An update on Gregory Lamberson’s book, PERSONAL DEMONS, which I reviewed several months ago. It is now available as a signed trade paperback from Shocklines (www.shocklines.com) for $16.99, a non-signed trade paperback from Amazon (www.amazon.com), and as a limited edition, signed and numbered hardcover from the publisher, Broken Umbrella Press (www.brokenumbrellapress.com). And while you’re at it, visit Greg’s website – www.slimeguy.com. You will find there, among the goodies for your perusal, pix from my visit to Buffalo recently for a midnight showing of STREET TRASH, which went over better (as I recall…) then it did twenty years ago.

In FIR’s next editorial I’ll be discussing the ‘PSV Rating System’, a new, alternative film rating internet site which not only presents a far more in-depth, unbiased way of evaluating films for yourself and your children than such organizations as the MPAA, but also is a true child of modern technology, the next evolutionary step in media dissemination, and an idea whose time has come. You will very much want to learn about this site, if you aren’t familiar with it already. Check it out at www.currentattractions.com. And you’ll be fascinated, as I was, to see how they rated my movie THE SWEET LIFE. Made me look differently at my own work… Kinda wished I’d submitted it to them before I shot it…

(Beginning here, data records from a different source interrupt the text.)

(* Let $m$ be a positive integer and $\theta_1,\dots,\theta_{2m}$ pairwise distinct numbers in $(0,\pi)$ with $\theta_{2m+1-i}=\pi-\theta_i$ for $i=1,\dots,m$. For $\alpha\in\{0,1\}$ let $\phi_j^\alpha=(2j+\alpha)\pi/(2m)$, and for $i=1,\dots,2m$ let $$w_i=\int_{-1}^1\prod_{k=1,k\ne i}^{2m}\frac{t-\cos\theta_k}{\cos\theta_i-\cos\theta_k}\,dt.$$ Then for every $T\in\Pi_{2m-1}(\mathbb{S}^2)$, $$\int_{\mathbb{S}^2}T(\xi)\,d\omega(\xi)=\frac{\pi}{m}\sum_{i=1}^m w_i\sum_{j=0}^{2m-1}\widetilde T(\theta_i,\phi_j^0)+\frac{\pi}{m}\sum_{i=m+1}^{2m}w_i\sum_{j=0}^{2m-1}\widetilde T(\theta_i,\phi_j^1).$$
   Context: $\mathbb{S}^2$ is the unit sphere in $\mathbb{R}^3$ and $d\omega$ its surface area measure, so that $\int_{\mathbb{S}^2}T\,d\omega=\int_0^\pi\int_0^{2\pi}\widetilde T(\theta,\phi)\sin\theta\,d\phi\,d\theta$. $\Pi_n(\mathbb{S}^2)$ is the space of restrictions to $\mathbb{S}^2$ of real polynomials in $x,y,z$ of total degree at most $n$, and $\widetilde T(\theta,\phi)=T(\sin\theta\cos\phi,\sin\theta\sin\phi,\cos\theta)$. *)

From Stdlib Require Import Reals Lra Lia List.
From Coquelicot Require Import Coquelicot.
Open Scope R_scope.

Definition sumR (f : nat -> R) (a b : nat) : R := sum_n_m f a b.

Definition prodR (l : list nat) (f : nat -> R) : R :=
  fold_right (fun k acc => f k * acc) 1 l.

Definition poly3 (n : nat) (c : nat -> nat -> nat -> R) (x y z : R) : R :=
  sumR (fun a => sumR (fun b => sumR (fun d =>
    if (a + b + d <=? n)%nat then c a b d * x ^ a * y ^ b * z ^ d else 0)
    0 n) 0 n) 0 n.

(* T : R^3 -> R belongs to Pi_n(S^2): its restriction to the unit sphere
   is the restriction of a polynomial of total degree <= n *)
Definition in_Pi (n : nat) (T : R -> R -> R -> R) : Prop :=
  exists c : nat -> nat -> nat -> R,
    forall x y z, x ^ 2 + y ^ 2 + z ^ 2 = 1 -> T x y z = poly3 n c x y z.

Definition Ttilde (T : R -> R -> R -> R) (th ph : R) : R :=
  T (sin th * cos ph) (sin th * sin ph) (cos th).

Definition sphere_integral (T : R -> R -> R -> R) : R :=
  RInt (fun th => RInt (fun ph => Ttilde T th ph * sin th) 0 (2 * PI)) 0 PI.

Definition weight (m : nat) (theta : nat -> R) (i : nat) : R :=
  RInt (fun t => prodR (filter (fun k => negb (Nat.eqb k i)) (seq 1 (2 * m)))
                   (fun k => (t - cos (theta k)) / (cos (theta i) - cos (theta k))))
       (-1) 1.

Definition phi (m : nat) (alpha : nat) (j : nat) : R :=
  (2 * INR j + INR alpha) * PI / (2 * INR m).

From Stdlib Require Import Reals Lra Lia List.
From Coquelicot Require Import Coquelicot.
Open Scope R_scope.

(* For fixed [θ], [φ ↦ T̃(θ,φ)] is a trigonometric polynomial of degree < 2m, which the
   2m-point equispaced rule integrates exactly for every rotation of its nodes; so
   [I(θ) = ∫₀^{2π} T̃(θ,φ) dφ] equals both [φ]-sums of the statement. Rotating the nodes
   by π shows that [I] is even, and as [θ ↦ T̃(θ,φ)] has the form
   [P(cos θ) + sin θ Q(cos θ)], evenness leaves [I(θ) = P(cos θ)] with [deg P < 2m].
   The substitution [t = cos θ] turns the sphere integral into [∫₋₁¹ P], on which the
   interpolatory rule at the 2m distinct nodes [cos θ_i] is exact. *)


Lemma sumR_nn f a : sumR f a a = f a.
Proof. apply sum_n_n. Qed.

Lemma sumR_Sm f a b : (a <= S b)%nat -> sumR f a (S b) = sumR f a b + f (S b).
Proof. intros; unfold sumR; rewrite sum_n_Sm; auto. Qed.

Lemma sumR_lt f a b : (b < a)%nat -> sumR f a b = 0.
Proof. intros; unfold sumR; rewrite sum_n_m_zero; auto. Qed.

Lemma sumR_ext f g a b :
  (forall k, (a <= k <= b)%nat -> f k = g k) -> sumR f a b = sumR g a b.
Proof. apply sum_n_m_ext_loc. Qed.

Lemma sumR_plus f g a b : sumR (fun k => f k + g k) a b = sumR f a b + sumR g a b.
Proof. apply (sum_n_m_plus (G := R_AbelianMonoid)). Qed.

Lemma sumR_scal c f a b : sumR (fun k => c * f k) a b = c * sumR f a b.
Proof. apply (sum_n_m_mult_l (K := R_Ring)). Qed.
Theorem theorem3p4p1 (r : nat) (hr : (1 <= r)%N) (f : ('I_r -> bool) -> bool) :
  exists (n : nat) (P : 'I_n -> 'I_r -> bool) (d : 'I_n -> nat)
         (rho : op (jidx d)) (E : forall j : 'I_n, bool -> bool -> op 'I_(d j)),
    [/\ (n <= 2 ^ r - 1)%N,
        (forall j : 'I_n, exists k : 'I_r, P j k),
        density rho,
        (forall (j : 'I_n) (s : bool), povm2 (E j s)) &
        performs_det f P rho E].
Proof.
pose n := #|nonzero_vectors r|.
pose P (j : 'I_n) : 'I_r -> bool := enum_val j.
pose z (j : 'I_n) (t : bool) := omega r ^ (t%:R * walsh f (P j)).
pose E (j : 'I_n) (t : bool) := phase_meas (z j t).
have n_gt0 : (0 < n)%N.
  by rewrite /n card_nonzero_vectors -subn1 subn_gt0 -{1}(expn0 2) ltn_exp2l.
have rho_dens := density_ghz n_gt0 (f [ffun => false]).
have povmE (j : 'I_n) (t : bool) : povm2 (E j t).
  exact/povm2_phase_meas/norm_omega_exprz.
exists n, P, (@qubit n), (ghz (f [ffun => false])), E; split => //.
- by rewrite /n card_nonzero_vectors subn1.
- by move=> j; apply: nonzero_vector_witness; apply: enum_valP.
apply: performs_det_of_parity => // x m; apply: jprob_ghz_eq0.
by rewrite (prod_omega_walsh f x hr) -signr_addb addbA addbb.
Qed.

And finally, I must relate a little revelation to you. Not long ago I was strolling up Amsterdam Avenue and I passed a newspaper store where Lotto tickets were being sold. A red display announced that the jackpot was up to thirteen million dollars. That figure suddenly jolted me into a flabbergasting comparison: fifty years ago, $13,000,000 was what it cost to produce Cecil B. DeMille’s THE TEN COMMANDMENTS, a film whose burgeoning budget threatened to drive Paramount Pictures into bankruptcy. Now it’s a kind of medium amount for what state lotteries can pay out. Amazing, where the world’s gone in the last five decades.